L’auteur utilise un langage franc et cru, déjà adulte, malgré ce décalage avec l’âge de son personnage. L’enfant ne se remet jamais en question, il est trop jeune pour ça, et il faut alors se faire au fait de recevoir les faits bruts de pomme, sans recul ni filtre qui les rendrait pas plus acceptable, mais moins inhumains.

Cette plongée dans le programme d’idéologisation de la jeunesse allemande donne bien souvent la nausée – après tout, ça s’est vraiment passé. Ce roman décrit un aspect du nazisme dont on parle assez peu. En cours d’Histoire, au collège ou au lycée, quand on parle de l’Allamagne Nazie, on entend beaucoup parler de la Shoah, des aspects du totalitarisme. L’embrigadement de la jeunesse est évoqué sans qu’on y donne de détails. Ce roman nous plonge dans ces détails (les sélections sur des critères physiques, l’instruction, la discipline, etc.) et j’ai apprécié ce réalisme historique, même s’il est loin d’être réjouissant.

La collection Scripto des Editions Gallimard s’adressent aux adolescents à partir de 13 ans.
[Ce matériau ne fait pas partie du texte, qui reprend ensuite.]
(* For every $n\ge1$, $q(n;\mathit{trees})<\log^*n+5$; that is, there exists a tree $T$ with $n$ vertices such that $D(T)<\log^* n+5$.
   Context: The tower function is $T(0)=1$, $T(i)=2^{T(i-1)}$; $\log^* n=\min\{i: T(i)\ge n\}$. Graphs are simple undirected graphs viewed as structures for the first-order language with adjacency symbol $\sim$ and equality. A sentence defines a finite graph $G$ if it is true on $G$ and false on every graph (of any cardinality) not isomorphic to $G$; $D(G)$ is the minimum quantifier rank (maximum number of nested quantifiers) of a sentence defining $G$. $q(n;\mathit{trees})=\min\{D(T): T \text{ a tree with } n\text{ vertices}\}$. *)

From mathcomp Require Import all_boot.
Set Implicit Arguments. Unset Strict Implicit. Unset Printing Implicit Defensive.

Fixpoint tower (i : nat) : nat := if i is i'.+1 then 2 ^ tower i' else 1.

Lemma tower_ge (i : nat) : i <= tower i.
Proof. elim: i => [//|i IH] /=; exact: leq_ltn_trans IH (ltn_expl _ (ltnSn 1)). Qed.

Lemma logstar_ex (n : nat) : exists i, n <= tower i.
Proof. by exists n; apply: tower_ge. Qed.

Definition logstar (n : nat) : nat := ex_minn (logstar_ex n).

(** First-order formulas, de Bruijn variables (index 0 = innermost binder). *)
Inductive form : Type :=
  | FAdj : nat -> nat -> form
  | FEq  : nat -> nat -> form
  | FTrue : form
  | FFalse : form
  | FNot : form -> form
  | FAnd : form -> form -> form
  | FOr  : form -> form -> form
  | FImp : form -> form -> form
  | FEx  : form -> form
  | FAll : form -> form.

Fixpoint qr (f : form) : nat :=
  match f with
  | FAdj _ _ | FEq _ _ | FTrue | FFalse => 0
  | FNot g => qr g
  | FAnd g h | FOr g h | FImp g h => maxn (qr g) (qr h)
  | FEx g | FAll g => (qr g).+1
  end.

Fixpoint bounded (k : nat) (f : form) : bool :=
  match f with
  | FAdj i j | FEq i j => (i < k) && (j < k)
  | FTrue | FFalse => true
  | FNot g => bounded k g
  | FAnd g h | FOr g h | FImp g h => bounded k g && bounded k h
  | FEx g | FAll g => bounded k.+1 g
  end.

Definition sentence (f : form) : bool := bounded 0 f.

Fixpoint sat (V : Type) (R : V -> V -> Prop) (env : seq V) (f : form) : Prop :=
  match f with
  | FAdj i j => match onth env i, onth env j with
                | Some a, Some b => R a b | _, _ => False end
  | FEq i j => match onth env i, onth env j with
                | Some a, Some b => a = b | _, _ => False end
  | FTrue => True
  | FFalse => False
  | FNot g => ~ sat R env g
  | FAnd g h => sat R env g /\ sat R env h
  | FOr g h => sat R env g \/ sat R env h
  | FImp g h => sat R env g -> sat R env h
  | FEx g => exists x : V, sat R (x :: env) g
  | FAll g => forall x : V, sat R (x :: env) g
  end.

Definition is_graph (V : Type) (R : V -> V -> Prop) : Prop :=
  (forall x y, R x y -> R y x) /\ (forall x, ~ R x x).

Definition iso (n : nat) (e : rel 'I_n) (V : Type) (R : V -> V -> Prop) : Prop :=
  exists f : 'I_n -> V,
    injective f /\ (forall y : V, exists x, f x = y) /\
    (forall x y, e x y <-> R (f x) (f y)).

Definition defines (n : nat) (e : rel 'I_n) (phi : form) : Prop :=
  sentence phi /\
  sat (fun x y : 'I_n => e x y) [::] phi /\
  (forall (V : Type) (R : V -> V -> Prop),
      is_graph R -> sat R [::] phi -> iso e R).

(** D(G) < k  <->  some sentence of quantifier rank < k defines G *)
Definition D_lt (n : nat) (e : rel 'I_n) (k : nat) : Prop :=
  exists phi, defines e phi /\ qr phi < k.

Definition is_tree (n : nat) (e : rel 'I_n) : Prop :=
  symmetric e /\ irreflexive e /\
  (forall x y : 'I_n, connect e x y) /\
  ~ (exists s : seq 'I_n, [&& uniq s, 3 <= size s & cycle e s]).

(* Let T_i be the rooted tree whose root carries one copy of T_j for each j such that
   the j-th binary digit of i is 1.  "The branch at x pointing away from its neighbour p
   is T_i" recurses from i to these positions j, which are logarithmically smaller, so
   for i < tower L it is expressible with quantifier rank L + 1.  The tree with n
   vertices is a root carrying copies of T_j for j in a set S of numbers below N < n;
   it is defined by a sentence of rank L + 4 (with N <= tower L) saying: some vertex r
   has exactly the branches T_j, j in S; every other vertex is the root of some T_i,
   i < N, hanging from a neighbour; siblings have distinct types; and no edge is typed
   in both directions.  These conditions force the types in any model to be the
   intended ones, so an isomorphism can be built from the root outwards.  S is chosen
   sparse: removing any one element of S leaves powers 2^a adding up to at least N, so
   that the root, seen from one of its children, is no T_i with i < N.  Trees with at
   most six vertices are instead pinned down by the sentence listing their vertices. *)

From Stdlib Require Import ClassicalEpsilon.
From mathcomp Require Import all_boot zify.
Set Implicit Arguments. Unset Strict Implicit. Unset Printing Implicit Defensive.

(** * Binary digits *)

Definition bit (m i : nat) : bool := odd (m %/ 2 ^ i).

Definition bits (m : nat) : seq nat := [seq i <- iota 0 m | bit m i].

Lemma bit_exp2_le m i : bit m i -> 2 ^ i <= m.
Proof. by rewrite /bit; case: leqP => // lt_m; rewrite divn_small. Qed.

Lemma bit_lt_exp2 m i L : m < 2 ^ L -> bit m i -> i < L.
Proof.
move=> ltm /bit_exp2_le le_m.
by rewrite -(ltn_exp2l _ _ (ltnSn 1)) (leq_ltn_trans le_m).
Qed.

Lemma bit_lt m i : bit m i -> i < m.
Proof. exact/bit_lt_exp2/ltn_expl. Qed.

Lemma mem_bits m i : (i \in bits m) = bit m i.
Proof. by rewrite mem_filter mem_iota andb_idr // => /bit_lt. Qed.

Lemma bits_lt m K : m <= K -> {in bits m, forall i, i < K}.
Proof. by move=> m_K i /[!mem_bits] /bit_lt /leq_trans; apply. Qed.

Lemma uniq_bits m : uniq (bits m).
Proof. by rewrite filter_uniq // iota_uniq. Qed.

Lemma sorted_bits m : sorted ltn (bits m).
Proof. by rewrite sorted_filter ?iota_ltn_sorted //; apply: ltn_trans. Qed.

Lemma modn_exp2S m k : m %% 2 ^ k.+1 = bit m k * 2 ^ k + m %% 2 ^ k.
Proof.
rewrite expnS {1}(divn_eq (m %% (2 * 2 ^ k)) (2 ^ k)) -modn_divl modn2.
by rewrite (modn_dvdm _ (dvdn_mull _ (dvdnn _))).
Qed.

Lemma modn_exp2_bits m k : m %% 2 ^ k = \sum_(i < k) bit m i * 2 ^ i.
Proof.
elim: k => [|k IH]; first by rewrite big_ord0 modn1.
by rewrite big_ord_recr /= modn_exp2S IH addnC.
Qed.

Lemma sum_bits m : \sum_(i <- bits m) 2 ^ i = m.
Proof.
rewrite big_filter -[m in iota 0 m]subn0 -/(index_iota 0 m) big_mkord big_mkcond /=.
rewrite -[RHS](modn_small (ltn_expl m (ltnSn 1))) modn_exp2_bits.
by apply: eq_bigr => i _; case: bit; rewrite ?mul1n.
Qed.

Lemma bits_inj a b : bits a =i bits b -> a = b.
Proof.
move=> eq_ab; rewrite -(sum_bits a) -(sum_bits b).
by rewrite (irr_sorted_eq ltn_trans ltnn (sorted_bits a) (sorted_bits b) eq_ab).
Qed.

Lemma leq_sum_subset (A B : seq nat) (F : nat -> nat) :
  uniq A -> uniq B -> {subset A <= B} -> \sum_(a <- A) F a <= \sum_(b <- B) F b.
Proof. exact: (uniq_sub_le_big leqnn (fun m n => leq_addr n m) xpredT F). Qed.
Mais je ne peux m’empêcher de me dire que ce roman-là sera lu plus facilement et mieux compris par des plus vieux. Du haut de mes 22 printemps, j’ai trouvé ça dur, sans être vraiment choquée. J’ai été prise dans cette lecture au point d’avaler ces 470 pages en deux jours. Je conseille ce roman pour les personnes qui aiment lire sur cette période de l’Histoire. Le propos est dur, mais je le trouve éclairant. Et, mine de rien, on s’y attache, à Max.